Figure 3. Summary of failure modes. One animal died of natural causes after 4 weeks (green). Another animal had a complete loss of recording at 4 weeks despite a functional, well anchored UEA. It was found to have had a large WBC-filled cavity in the cortex at the site of implantation (red). Another animal was removed due to headstage loosening (yellow). The remaining animals (N = 5) continued to yield action potentials throughout the 12-week study (blue).
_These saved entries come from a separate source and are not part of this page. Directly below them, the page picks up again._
Local Close Scope classical_set_scope.

Theorem corollary3 (R : realType) (omega : R) (Homega : 0 < omega) :
  exists C : R, 0 < C /\
  forall (d n m : nat) (fs : 'I_n -> 'rV[R]_d -> R) (gs : 'I_m -> 'rV[R]_d -> R)
         (Rf : 'rV[R]_d -> \bar R) (L Lg mu : R)
         (xs : 'rV[R]_d) (est : estimator)
         (x0 : 'rV[R]_d) (y0 : 'I_m -> 'rV[R]_d) (u0 : 'I_n -> 'rV[R]_d),
    (0 < n)%N -> (0 < m)%N ->
    0 < L -> 0 < Lg -> 0 < mu ->
    let f := fun x => n%:R^-1 * \sum_(i < n) fs i x in
    let p := fun _ : 'I_m => m%:R^-1 in
    let F := fun x => ((f x + m%:R^-1 * \sum_(j < m) gs j x)%:E + Rf x)%E in
    (forall i, convex_fun (fs i) /\ smooth L (fs i)) ->
    strongly_convex mu f ->
    proper_fun Rf -> closed_fun Rf -> convex_efun Rf ->
    (forall j, convex_fun (gs j) /\ smooth Lg (gs j)) ->
    (* standing optimality assumption *)
    (forall x, (F xs <= F x)%E) ->
    (exists (ys : 'I_m -> 'rV[R]_d) (rs : 'rV[R]_d),
        (forall j, subgrad (gs j) xs (ys j)) /\ esubgrad Rf xs rs /\
        grad f xs + m%:R^-1 *: \sum_(j < m) ys j + rs = 0) ->
    (* SVRG: positive period, common initial reference point *)
    (forall T, est = SVRG T -> (0 < T)%N /\ forall k k', u0 k = u0 k') ->
    let s0 := SDMState x0 y0 (m%:R^-1 *: \sum_(j < m) y0 j) u0 in
    let eta0 := (5 * L)^-1 in
    let rho := n%:R^-1 in
    (* part (b) of the gradient-estimator condition *)
    (forall eta, 0 < eta <= eta0 ->
       exists M : nat -> R, (forall t, 0 <= M t) /\
       forall t,
         sdm_Ew fs gs Rf eta p est s0 xs t + M t.+1
         <= (1 - omega * eta * mu) * sdm_Ex fs gs Rf eta p est s0 xs t
            + (1 - rho) * M t) ->
    let eta_best := (Num.sqrt (omega * mu * m%:R * Lg))^-1 in
    let eta := Num.min eta0 eta_best in
    exists K : R, 0 < K /\
    forall (eps : R) (t : nat), 0 < eps ->
      C * (n%:R + m%:R + L / mu + Num.sqrt (m%:R * Lg / mu)) * ln (K / eps)
        <= t%:R ->
      sdm_Ex fs gs Rf eta p est s0 xs t <= eps.
Proof.
pose C := 1 + 5 / omega + 1 / Num.sqrt omega.
have C_gt0 : 0 < C by rewrite !addr_gt0 ?divr_gt0 ?sqrtr_gt0.
exists C; split => // d n m fs gs Rf L Lg mu xs est x0 y0 u0 n_gt0 m_gt0 L_gt0 Lg_gt0 mu_gt0
  f p F _ _ Rf_proper Rf_closed Rf_convex gs_hyp _ [ys [rs [sub_ys [sub_rs optimality]]]] _
  s0 eta0 rho estimator_b eta_best eta.
have [eta_gt0 kappa_gt0 rate_x rate_M rate_y] :=
  sdm_stepsize_rates Homega L_gt0 Lg_gt0 mu_gt0 n_gt0 m_gt0.
(* The hypotheses on the f_i, strong convexity, optimality of xs and the SVRG data
   are used only through part (b), which is assumed. *)
have eta_le : 0 < eta <= eta0 by rewrite eta_gt0 ge_min lexx.
have [M [M_ge0 M_descent]] := estimator_b eta eta_le.
have [rxs Rf_xs] := esubgrad_fin Rf_proper sub_rs.
have [K [K_gt0 K_conv]] := sdm_linear_convergence fs gs Rf eta Lg est xs rs ys rxs
  eta_gt0 Lg_gt0 n_gt0 m_gt0 Rf_closed Rf_convex Rf_proper.1 Rf_xs sub_rs
  (fun j => (gs_hyp j).1) (fun j => (gs_hyp j).2) sub_ys optimality s0 M
  _ _ erefl M_ge0 M_descent kappa_gt0 rate_x rate_M rate_y.
by exists K.
Qed.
Table 1. Comparison of failure modes between young and older rats that were implanted with a 4×4 UEA.
Electrophysiology
Single-unit action potentials were detected in the majority of animals during the recording sessions. The animal that died of natural causes and the animal who lost its headstage never produced single-unit recordings. Recording performance from the remaining animals (N = 6) varied across animals and across time, but was generally highest 3–4 weeks after implantation and then gradually decreased to a lower level over the 12-week indwelling period (Figure 4). Recording performance for individual microelectrode shafts varied over the 12-week period and only three individual microelectrode shafts in three separate animals recorded action potentials every session over the entire 12-week period. Both the average number of units and the SNR were inversely correlated with time (p < 0.002) (Figure 4B). A comparison of the number of electrodes that recorded at least one single-unit action potential during a given week over the total number of possible electrodes that could have recorded that week for the older cohort compared to our previous younger cohort is presented in Table 2. At no time point during the 12-week recording period did the older cohort yield a lower percentage of possible electrodes that recorded a single-unit action potential than the younger group.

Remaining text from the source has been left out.